The water absorption of the polymer composites Ref, CDFC, CSFC, and SFC was measured, and the corresponding test results are given in Figure 6. The water absorption of the composites showed an increasing trend with the increase in fiber loading, where the maximum water absorption was obtained at 12 wt.% fiber addition, i.e., 2.61%, 3.02%, and 2.39% for the CDFC, CSFC, and SFC, respectively, while the minimum was found to be 1.19% for the composite Ref. This can be ascribed to the hydrophilic nature of the natural fibers; in fact, the presence of hydroxyl groups was the major contributor to the water absorption of the natural fibers, and when exposed to water, these free hydroxyl groups interacted with water molecules and formed hydrogen bonds. As the fiber loading increased, the amount of hydroxyl groups in the composite system increased, thus leading to an increase in the water uptake ability of the fiber-reinforced composites [55,56]. Moreover, according to Lou et al. [46], hemicellulose is considered to be the most hydrophilic component in natural fibers, followed by lignin, and Adhikary et al. [57] also reported that the increased crystallinity of natural fibers could reduce the water uptake of the fibrous composite, since the crystalline regions in natural fibers were impermeable to the moisture. For this study, at same fiber loading, the water adsorption of the composites with the CDF fibers was lower than those with CSF fibers but higher than those with SF fibers, and this behavior can be explained by the reasons mentioned above.
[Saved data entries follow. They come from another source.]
(* Consider any continuous-time query algorithm of duration $T$ (in the model described in the context) and let $|\phi_x(t)\rangle$ denote its state at time $t\in[0,T]$ on input $x\in\mathbb{X}$ (unit vectors, differentiable in $t$, evolving under $i\frac{d}{dt}|\phi_x(t)\rangle=H_x(t)|\phi_x(t)\rangle$). Let $\Gamma$ be any Hermitian $|\mathbb{X}|\times|\mathbb{X}|$ matrix and $v\in\mathbb{C}^{\mathbb X}$ a unit vector, and define $$W(t)=\sum_{x,y\in\mathbb{X}}\overline{v_x}\,v_y\,\Gamma_{x,y}\,\langle\phi_x(t)|\phi_y(t)\rangle .$$ Then for all $t\in[0,T]$ (where the Hamiltonian is continuous), $$\Big|\frac{dW(t)}{dt}\Big|\le 2\max_{j\in[n]}\|\Gamma\circ\Delta_j\|,$$ and consequently $|W(T)-W(0)|\le 2T\max_j\|\Gamma\circ\Delta_j\|$.
   Context: $(A\circ B)_{ij}=A_{ij}B_{ij}$; $\|A\|$ is the operator norm. For $j\in[n]$, $\Delta_j$ is the $|\mathbb{X}|\times|\mathbb{X}|$ matrix with $(\Delta_j)_{x,y}=1-\delta_{x_j,y_j}$, where $\mathbb{X}\subseteq\Sigma^n$, $\Sigma$ finite. Continuous-time query model: fix Hermitian $h(y)$, $y\in\Sigma$, on $\mathbb{C}^r$ with $\|h(y)\|\le1$; $H_{\mathcal Q}(x)=\sum_{j=1}^n|j\rangle\langle j|\otimes h(x_j)$. The algorithm acts on $\mathcal{H}=(\mathbb{C}^n\otimes\mathbb{C}^r\otimes\mathbb{C}^w)\oplus\mathcal{H}'$ via $H_x(t)=H_{\mathcal D}(t)+\alpha(t)\widetilde H_{\mathcal Q}(x)$, where $\widetilde H_{\mathcal Q}(x)$ acts as $H_{\mathcal Q}(x)\otimes I$ on the first summand and $0$ on $\mathcal H'$, $H_{\mathcal D}(t)$ is an input-independent Hermitian operator (piecewise continuous in $t$), and $\alpha:[0,T]\to\mathbb{R}$ with $|\alpha(t)|\le1$. The initial states $|\phi_x(0)\rangle$ are arbitrary unit vectors. *)

From Stdlib Require Import Reals Lra List ClassicalEpsilon.
Import ListNotations.
Open Scope R_scope.

Record Cpx : Type := mkC { re : R; im : R }.
Definition C0 : Cpx := mkC 0 0.
Definition C1 : Cpx := mkC 1 0.
Definition RtoC (a : R) : Cpx := mkC a 0.
Definition Cadd (z w : Cpx) : Cpx := mkC (re z + re w) (im z + im w).
Definition Copp (z : Cpx) : Cpx := mkC (- re z) (- im z).
Definition Csub (z w : Cpx) : Cpx := Cadd z (Copp w).
Definition Cmul (z w : Cpx) : Cpx :=
  mkC (re z * re w - im z * im w) (re z * im w + im z * re w).
Definition Cconj (z : Cpx) : Cpx := mkC (re z) (- im z).
Definition Cmod (z : Cpx) : R := sqrt (re z ^ 2 + im z ^ 2).

Definition sumC {A : Type} (l : list A) (f : A -> Cpx) : Cpx :=
  fold_right (fun a acc => Cadd (f a) acc) C0 l.
Definition sumR {A : Type} (l : list A) (f : A -> R) : R :=
  fold_right (fun a acc => f a + acc) 0 l.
This finding was consistent with the results obtained from the XRD and FTIR analyses described in Section 3.2 and Section 3.3.
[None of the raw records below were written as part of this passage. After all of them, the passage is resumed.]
Lemma mxtrace_unitary_proj : \tr (unitary_proj U J) = #|J|%:R.
Proof.
rewrite /unitary_proj mxtrace_unitary_conj // mxtrace_diag.
rewrite (eq_bigr (fun j => (j \in J)%:R)) => [|j _]; last by rewrite mxE.
by rewrite -natr_sum -sum1_card [in RHS]big_mkcond.
Qed.

Lemma mxtrace_mul_unitary_proj (A : 'M[C]_n) :
  \tr (A *m unitary_proj U J) = \sum_(j in J) (U *m A *m U ^t*) j j.
Proof.
rewrite /unitary_proj !mulmxA mxtrace_mulC !mulmxA /mxtrace [RHS]big_mkcond /=.
apply: eq_bigr => j _; rewrite mul_mx_diag !mxE.
by case: (j \in J); rewrite ?mulr1 ?mulr0.
Qed.

End UnitaryProjection.

Section SingularValues.
Variable C : numClosedFieldType.

Definition singvalC n (X : 'M[C]_n) i := sqrtC (spectral_diag (X ^t* *m X) 0 i).

Variables (n : nat) (X : 'M[C]_n).

Lemma mxtrace_trC_mul_eq0 : (\tr (X ^t* *m X) == 0) = (X == 0).
Proof.
apply/eqP/eqP => [tr0|->]; last by rewrite mulmx0 mxtrace0.
have sq_ge0 k l : 0 <= `|X k l| ^+ 2 := exprn_ge0 2 (normr_ge0 _).
have col0 l : \sum_k `|X k l| ^+ 2 = 0.
  apply: (psumr_eq0P (P := predT) (F := fun l => \sum_k `|X k l| ^+ 2)) => // [l' _|].
    by apply: sumr_ge0 => k _; apply: sq_ge0.
  rewrite -[RHS]tr0 [RHS]/mxtrace.
  by apply: eq_bigr => l' _; rewrite trC_mulmx_diag.
apply/matrixP => k l; rewrite mxE; apply/normr0_eq0/eqP; rewrite -sqrf_eq0; apply/eqP.
exact: (psumr_eq0P (P := predT) (fun k _ => sq_ge0 k l) (col0 l)).
Qed.

Lemma trC_mul_normal : X ^t* *m X \is normalmx.
Proof. by apply/normalmxP; rewrite trmxC_mul trmxCK. Qed.

Let W := spectralmx (X ^t* *m X).
Let sigma2 := spectral_diag (X ^t* *m X).
Let W_unitary : W \is unitarymx. Proof. exact: spectral_unitarymx. Qed.

Let X_decomp : X ^t* *m X = W ^t* *m diag_mx sigma2 *m W.
Proof. exact: spectral_decomp trC_mul_normal. Qed.

(* X = Y W, where the columns of Y are orthogonal with squared norms sigma2. *)
Let Y := X *m W ^t*.

Let YtY : Y ^t* *m Y = diag_mx sigma2.
Proof.
rewrite trmxC_mul trmxCK !mulmxA -(mulmxA W).
by rewrite spectral_diagonalize // trC_mul_normal.
Qed.

Lemma spectral_diag_trC_mul_ge0 i : 0 <= sigma2 0 i.
Proof.
have /matrixP/(_ i i) := YtY; rewrite trC_mulmx_diag mxE eqxx mulr1n => <-.
by rewrite sumr_ge0 // => k _; rewrite exprn_ge0.
Qed.

Lemma singvalC_ge0 i : 0 <= singvalC X i.
Proof. by rewrite sqrtC_ge0 spectral_diag_trC_mul_ge0. Qed.

Lemma singvalC_sqr i : singvalC X i ^+ 2 = sigma2 0 i.
Proof. exact: sqrtCK. Qed.

Lemma mxtrace_trC_mul : \tr (X ^t* *m X) = \sum_i singvalC X i ^+ 2.
Proof.
rewrite X_decomp mxtrace_unitary_conj // mxtrace_diag.
by apply: eq_bigr => i _; rewrite singvalC_sqr.
Qed.

Lemma sum_norm_unitary_conj_diag_le (U : 'M[C]_n) : U \is unitarymx ->
  \sum_j `|(U *m X *m U ^t*) j j| <= \sum_i singvalC X i.
Proof.
move=> U_unitary; set A := U *m Y; set Q := W *m U ^t*.
have col_norm i : \sum_j `|A j i| ^+ 2 = sigma2 0 i.
  rewrite -trC_mulmx_diag /A trmxC_mul mulmxA -(mulmxA _ _ U).
  by rewrite unitarymx_trC_mul // mulmx1 YtY mxE eqxx mulr1n.
have row_norm i : \sum_j `|Q i j| ^+ 2 = 1.
  rewrite -mulmx_trC_diag /Q trmxC_mul trmxCK mulmxA -(mulmxA W).
  by rewrite unitarymx_trC_mul // mulmx1 (unitarymxP W_unitary) mxE eqxx.
have -> : U *m X *m U ^t* = A *m Q by rewrite /A /Q !mulmxA mulmxKtV.
apply: (@le_trans _ _ (\sum_i \sum_j `|A j i| * `|Q i j|)).
  rewrite exchange_big; apply: ler_sum => j _; rewrite mxE.
  by apply: le_trans (ler_norm_sum _ _ _) _; apply: ler_sum => i _; rewrite normrM.
apply: ler_sum => i _; apply: le_trans (CauchySchwarz_sum _ _) _.
by rewrite col_norm row_norm sqrtC1 mulr1.
Qed.

Lemma norm_unitary_conj_diag_le (U : 'M[C]_n) (M : C) : U \is unitarymx ->
  (forall i, singvalC X i <= M) -> forall j, `|(U *m X *m U ^t*) j j| <= M.
Proof.
move=> U_unitary M_ge j; set B := X *m U ^t*; set Q := W *m U ^t*.
have M_ge0 : 0 <= M := le_trans (singvalC_ge0 j) (M_ge j).
have row_norm : \sum_k `|U j k| ^+ 2 = 1.
  by rewrite -mulmx_trC_diag (unitarymxP U_unitary) mxE eqxx.
have col_norm : \sum_i `|Q i j| ^+ 2 = 1.
  rewrite -trC_mulmx_diag /Q trmxC_mul trmxCK mulmxA -(mulmxA U).
  by rewrite unitarymx_trC_mul // mulmx1 (unitarymxP U_unitary) mxE eqxx.
have B_col : \sum_k `|B k j| ^+ 2 <= M ^+ 2.
  have -> : \sum_k `|B k j| ^+ 2 = \sum_i sigma2 0 i * `|Q i j| ^+ 2.
    rewrite -trC_mulmx_diag; have -> : B ^t* *m B = Q ^t* *m diag_mx sigma2 *m Q.
      by rewrite /B /Q !trmxC_mul trmxCK !mulmxA -(mulmxA U) X_decomp !mulmxA.
    rewrite mul_mx_diag mxE; apply: eq_bigr => i _.
    by rewrite !mxE normCKC; ring.
  rewrite -[M ^+ 2]mulr1 -col_norm mulr_sumr; apply: ler_sum => i _.
  by rewrite ler_wpM2r ?exprn_ge0 // -singvalC_sqr lerXn2r ?nnegrE ?singvalC_ge0.
rewrite -mulmxA -/B mxE; apply: le_trans (ler_norm_sum _ _ _) _.
rewrite (eq_bigr (fun k => `|U j k| * `|B k j|)) => [|k _]; last by rewrite normrM.
apply: le_trans (CauchySchwarz_sum _ _) _; rewrite row_norm sqrtC1 mul1r.
rewrite -(sqrCK M_ge0) ler_sqrtC // !nnegrE ?exprn_ge0 //.
by rewrite sumr_ge0 // => k _; rewrite exprn_ge0.
Qed.

End SingularValues.

Section HermitianPart.
Variable C : numClosedFieldType.

Definition hermpart n (X : 'M[C]_n) : 'M[C]_n := 2^-1 *: (X + X ^t*).

Variables (n : nat) (X : 'M[C]_n).

Lemma hermpart_trC : (hermpart X) ^t* = hermpart X.
Proof.
rewrite /hermpart trmxC_scale trmxC_add trmxCK addrC; congr (_ *: _).
by apply/CrealP; rewrite realV realn.
Qed.

Lemma hermpart_normal : hermpart X \is normalmx.
Proof. by apply/normalmxP; rewrite hermpart_trC. Qed.

Lemma hermpart_conj_diag (U : 'M[C]_n) j :
  (U *m hermpart X *m U ^t*) j j = 'Re ((U *m X *m U ^t*) j j).
Proof.
rewrite /hermpart -scalemxAr -scalemxAl mulmxDr mulmxDl.
by rewrite -trmxC_conj !mxE ReE mulrC.
Qed.

Lemma mxtrace_hermpart_sqr (U := spectralmx (hermpart X)) :
  \tr (hermpart X *m hermpart X) = \sum_j 'Re ((U *m X *m U ^t*) j j) ^+ 2.
Proof.
have U_unitary : U \is unitarymx := spectral_unitarymx _.
have UHU := spectral_diagonalize hermpart_normal; rewrite -/U in UHU.
rewrite -[LHS](mxtrace_unitary_conj _ (_ : U ^t* \is unitarymx)) ?trmxC_unitary //.
rewrite trmxCK.
have -> : U *m (hermpart X *m hermpart X) *m U ^t* =
    (U *m hermpart X *m U ^t*) *m (U *m hermpart X *m U ^t*).
  by rewrite !mulmxA mulmxKtV.
rewrite [in LHS]UHU mulmx_diag mxtrace_diag; apply: eq_bigr => j _.
by rewrite mxE -hermpart_conj_diag UHU mxE eqxx mulr1n expr2.
Qed.

Lemma mxtrace_hermpart_sqrD :
  \tr (hermpart X *m hermpart X) + \tr (hermpart ('i *: X) *m hermpart ('i *: X)) =
  \tr (X ^t* *m X).
Proof.
(* With H + A = X and H - A = X^*, tr (H A) = tr (A H) gives
   tr (H H) - tr (A A) = tr ((H + A) (H - A)) = tr (X X^* ). *)
set H := hermpart X; set A : 'M[C]_n := 2^-1 *: (X - X ^t*).
have -> : hermpart ('i *: X) = 'i *: A.
  by rewrite /hermpart /A trmxC_scale conjCi scaleNr -scalerBr !scalerA mulrC.
have HA_X : H + A = X by apply/matrixP => k l; rewrite !mxE; field.
have HA_Xt : H - A = X ^t* by apply/matrixP => k l; rewrite !mxE; field.
have -> : \tr ('i *: A *m ('i *: A)) = - \tr (A *m A).
  by rewrite -scalemxAl -scalemxAr scalerA mxtraceZ -expr2 sqrCi mulN1r.
rewrite [RHS]mxtrace_mulC -HA_Xt -HA_X mulmxDl !mulmxBr raddfD !raddfB /=.
by rewrite (mxtrace_mulC A H) addrA subrK.
Qed.

End HermitianPart.

Section SchattenNorms.
Variable R : realType.
Local Notation C := R[i].
Variable n : nat.
Implicit Types (X Y U P : 'M[C]_n) (z : C).

Lemma adjmxE X : adjmx X = X ^t*.
Proof. by apply/matrixP => i j; rewrite !mxE. Qed.

Lemma cabsE z : (cabs z)%:C%C = `|z|.
Proof. by rewrite /cabs RRe_real // normr_real. Qed.

Lemma Re_le_cabs z : `|complex.Re z| <= cabs z.
Proof. by rewrite -lecR cabsE normc_ge_Re. Qed.

Lemma singvalE X i : (singval X i)%:C%C = singvalC X i.
Proof. by rewrite /singval adjmxE RRe_real // ger0_real // singvalC_ge0. Qed.

Lemma singval_ge0 X i : 0 <= singval X i.
Proof. by rewrite -ler0c singvalE singvalC_ge0. Qed.

Lemma singval_le_opnorm X i : singval X i <= opnorm X.
Proof. exact: le_bigmax. Qed.

Lemma Re_mxtrace_trC_mul X : complex.Re (\tr (X ^t* *m X)) = \sum_i singval X i ^+ 2.
Proof.
rewrite mxtrace_trC_mul.
by under eq_bigr do rewrite -singvalE -rmorphXn; rewrite -rmorph_sum.
Qed.

Lemma hsnorm_sqr X : hsnorm X ^+ 2 = complex.Re (\tr (X ^t* *m X)).
Proof.
rewrite /hsnorm adjmxE sqr_sqrtr // Re_mxtrace_trC_mul.
by apply: sumr_ge0 => i _; rewrite sqr_ge0.
Qed.

Lemma trnorm_ge0 X : 0 <= trnorm X.
Proof. by apply: sumr_ge0 => i _; apply: singval_ge0. Qed.

Lemma hsnorm_sqr_le X : hsnorm X ^+ 2 <= opnorm X * trnorm X.
Proof.
rewrite hsnorm_sqr Re_mxtrace_trC_mul /trnorm mulr_sumr; apply: ler_sum => i _.
by rewrite expr2 ler_wpM2r ?singval_ge0 ?singval_le_opnorm.
Qed.

Lemma hsnorm_gt0 X : X != 0 -> 0 < hsnorm X.
Proof.
rewrite -mxtrace_trC_mul_eq0 /hsnorm sqrtr_gt0 adjmxE => tr_neq0.
have tr_ge0 : 0 <= \tr (X ^t* *m X).
  by rewrite mxtrace_trC_mul sumr_ge0 // => i _; rewrite exprn_ge0 ?singvalC_ge0.
by rewrite -ltcR RRe_real ?ger0_real // lt0r tr_neq0.
Qed.

Lemma trnorm_mul_opnorm_le X (K : R) : X != 0 -> 0 <= K -> schatten_height X <= K ->
  trnorm X * opnorm X <= K ^+ 2 * hsnorm X ^+ 2.
Proof.
move=> X_neq0 K_ge0; have hs_gt0 := hsnorm_gt0 X_neq0.
have TM_ge0 : 0 <= trnorm X * opnorm X.
  by rewrite mulrC (le_trans _ (hsnorm_sqr_le X)) ?sqr_ge0.
rewrite /schatten_height ler_pdivrMr // => height_le.
by rewrite -(sqr_sqrtr TM_ge0) -exprMn lerXn2r ?nnegrE ?sqrtr_ge0 // mulr_ge0 // ltW.
Qed.

Lemma singval_scale X z : `|z| = 1 -> singval (z *: X) = singval X.
Proof.
move=> z1; rewrite /singval !adjmxE trmxC_scale -scalemxAl -scalemxAr scalerA.
by rewrite -normCKC z1 expr1n scale1r.
Qed.

Lemma cabs_hsdot_scale X P z : `|z| = 1 -> cabs (hsdot (z *: X) P) = cabs (hsdot X P).
Proof.
move=> z1; apply: (@complexI R); rewrite !cabsE /hsdot !adjmxE trmxC_scale.
by rewrite -scalemxAl mxtraceZ normrM norm_conjC z1 mul1r.
Qed.

Lemma unitary_proj_orth U J : U \is unitarymx -> orth_proj (unitary_proj U J).
Proof. by move=> U_unitary; rewrite /orth_proj adjmxE unitary_proj_trC unitary_proj_idem. Qed.

Lemma hsnorm_unitary_proj U J : U \is unitarymx ->
  hsnorm (unitary_proj U J) = Num.sqrt #|J|%:R.
Proof.
move=> U_unitary; rewrite /hsnorm adjmxE unitary_proj_trC unitary_proj_idem //.
by rewrite mxtrace_unitary_proj // -(rmorph_nat (real_complex R)).
Qed.

Lemma unitary_proj_neq0 U J : U \is unitarymx -> J != set0 -> unitary_proj U J != 0.
Proof.
move=> U_unitary; apply: contraNneq => P0.
have := mxtrace_unitary_proj J U_unitary; rewrite P0 mxtrace0 => /eqP.
by rewrite eq_sym pnatr_eq0 cards_eq0.
Qed.

Lemma hsdot_unitary_proj X U J : U \is unitarymx ->
  hsdot X (unitary_proj U J) = \sum_(j in J) ((U *m X *m U ^t*) j j)^*.
Proof.
move=> U_unitary; rewrite /hsdot adjmxE mxtrace_mul_unitary_proj //.
by apply: eq_bigr => j _; rewrite -trmxC_conj !mxE.
Qed.

Lemma Re_mxtrace_hermpart_sqr_le Y (a b : R) : 0 < a -> a <= opnorm Y ->
  (forall U J, U \is unitarymx ->
     cabs (hsdot Y (unitary_proj U J)) <= b * Num.sqrt #|J|%:R) ->
  complex.Re (\tr (hermpart Y *m hermpart Y)) <=
    2 * (b ^+ 2 * ln (opnorm Y / a)) + a * trnorm Y.
Proof.
move=> a_gt0 a_le proj_le; set U := spectralmx (hermpart Y).
have U_unitary : U \is unitarymx := spectral_unitarymx _.
set d := fun j => (U *m Y *m U ^t*) j j; pose mu j := complex.Re (d j).
have -> : complex.Re (\tr (hermpart Y *m hermpart Y)) = \sum_j mu j ^+ 2.
  rewrite mxtrace_hermpart_sqr -/U.
  by under eq_bigr do rewrite -complexRe -rmorphXn; rewrite -rmorph_sum.
have cabs_d_le j : cabs (d j) <= opnorm Y.
  rewrite -lecR cabsE; apply: norm_unitary_conj_diag_le => // i.
  by rewrite -singvalE lecR singval_le_opnorm.
have sum_cabs_d_le : \sum_j cabs (d j) <= trnorm Y.
  have := sum_norm_unitary_conj_diag_le Y U_unitary.
  rewrite -(eq_bigr _ (fun j _ => cabsE (d j))) -(eq_bigr _ (fun i _ => singvalE Y i)).
  by rewrite -!rmorph_sum lecR.
apply: le_trans (sum_sqr_le_ln (M := opnorm Y) a_gt0 a_le _ _) _.
- by move=> j; apply: le_trans (Re_le_cabs _) (cabs_d_le j).
- move=> J; apply: le_trans (proj_le U J U_unitary).
  rewrite hsdot_unitary_proj //.
  have -> : \sum_(j in J) mu j = complex.Re (\sum_(j in J) (d j)^*).
    apply: (@complexI R); rewrite rmorph_sum complexRe raddf_sum.
    by apply: eq_bigr => j _; rewrite -[LHS]/((mu j)%:C)%C complexRe -Re_conj.
  exact: Re_le_cabs.
rewrite lerD2l ler_pM2l //.
exact: le_trans (ler_sum _ (fun j _ => Re_le_cabs (d j))) sum_cabs_d_le.
Qed.

Lemma hsnorm_sqr_le_ln X (a b : R) : 0 < a -> a <= opnorm X ->
  (forall U J, U \is unitarymx ->
     cabs (hsdot X (unitary_proj U J)) <= b * Num.sqrt #|J|%:R) ->
  hsnorm X ^+ 2 <= 2 * (2 * (b ^+ 2 * ln (opnorm X / a)) + a * trnorm X).
Proof.
move=> a_gt0 a_le proj_le.
have part_le z : `|z| = 1 -> complex.Re (\tr (hermpart (z *: X) *m hermpart (z *: X))) <=
    2 * (b ^+ 2 * ln (opnorm X / a)) + a * trnorm X.
  move=> z1; have := Re_mxtrace_hermpart_sqr_le (Y := z *: X) a_gt0.
  rewrite /opnorm /trnorm singval_scale //; apply=> // U J U_unitary.
  by rewrite cabs_hsdot_scale //; apply: proj_le.
have := lerD (part_le 1 (normr1 _)) (part_le 'i (normCi _)).
rewrite scale1r -raddfD /= mxtrace_hermpart_sqrD -hsnorm_sqr; lra.
Qed.

End SchattenNorms.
3.6. Impact Strength Property Analysis

The impact strength of the polymer composites at different fiber loading levels was measured to evaluate and compare the effect of the reinforcing fibers (CDF, CSF, and SF) on the impact-resistance properties of the composite systems. The obtained impact strength results are given in Figure 7. As shown in Figure 7, the impact strength showed a similar change trend with the addition of fibers for the CDFC, CSFC, and SFC; that is, it increased with increasing fiber loading from 0 to 6 wt.%, but then decreased with a further increase in fiber addition from 6 wt.% to 12 wt.%. Among the tested composites, CDFC-6, CSFC-6, and SFC-6 exhibited the highest impact strength of 0.583 J·cm−2, 0.561 J·cm−2, and 0.616 J·cm−2, respectively, which were increased by 23.8%, 19.1%, and 30.8%, respectively, compared to the composite Ref (0.471 J·cm−2); while the lowest impact strength was observed at 12 wt.% of fiber loading, i.e., the CDFC-12, CSFC-12, and SFC-12, which were even lower than the composite without fiber addition (Ref). This can be explained by the fact that adding an appropriate content of fibers (i.e., 3 wt.% and 6 wt.% in this study) into the composite systems promoted better interfacial bonding between the fibers and composite matrix, which enabled effective stress transfer between them and limited the further propagation of the impact-induced cracks, thereby resulting in an enhancement in the impact strength. However, a higher fiber content (i.e., 9 wt.% and 12 wt.%) deteriorated fiber–matrix interfacial bonding and increased the probability of fiber agglomeration, leading to localized stress concentrations in the polymer composites, which required less energy for crack generation and propagation. Similar observations were also reported by Haque et al. [55] and Karmakar et al. [58].
Further comparing the CDFC, CSFC, and SFC, it was found that the impact strength of the CDFC was higher than that of the CSFC at all the fiber loadings, especially for the 9 wt.% loading, where it increased by 12.6%. This was mainly attributed to the rougher surface of the cow dung fibers than the corn stalk fibers (Figure 2) and the consequent enhanced interlocking action between the cow dung fibers and composite matrix. However, the CDFC had lower impact strength values as compared to the SFC, which can be ascribed to the comparatively lower crystalline cellulose content of the cow dung fibers compared with the sisal fibers (Figure 3). It was interesting to note that the impact strength of these two composites (CDFC-3 and SFC-3) was relatively close when the fiber loading was 3 wt.%. The possible reason for this behavior was that the cow dung fibers with a crinkly and even surface provided a good interfacial condition with the composite matrix, which to some extent compensated for the limitation of the crystallinity degree of the fibers themselves, with both factors significantly affecting the impact strength of the fiber-reinforced polymer composites [56,59].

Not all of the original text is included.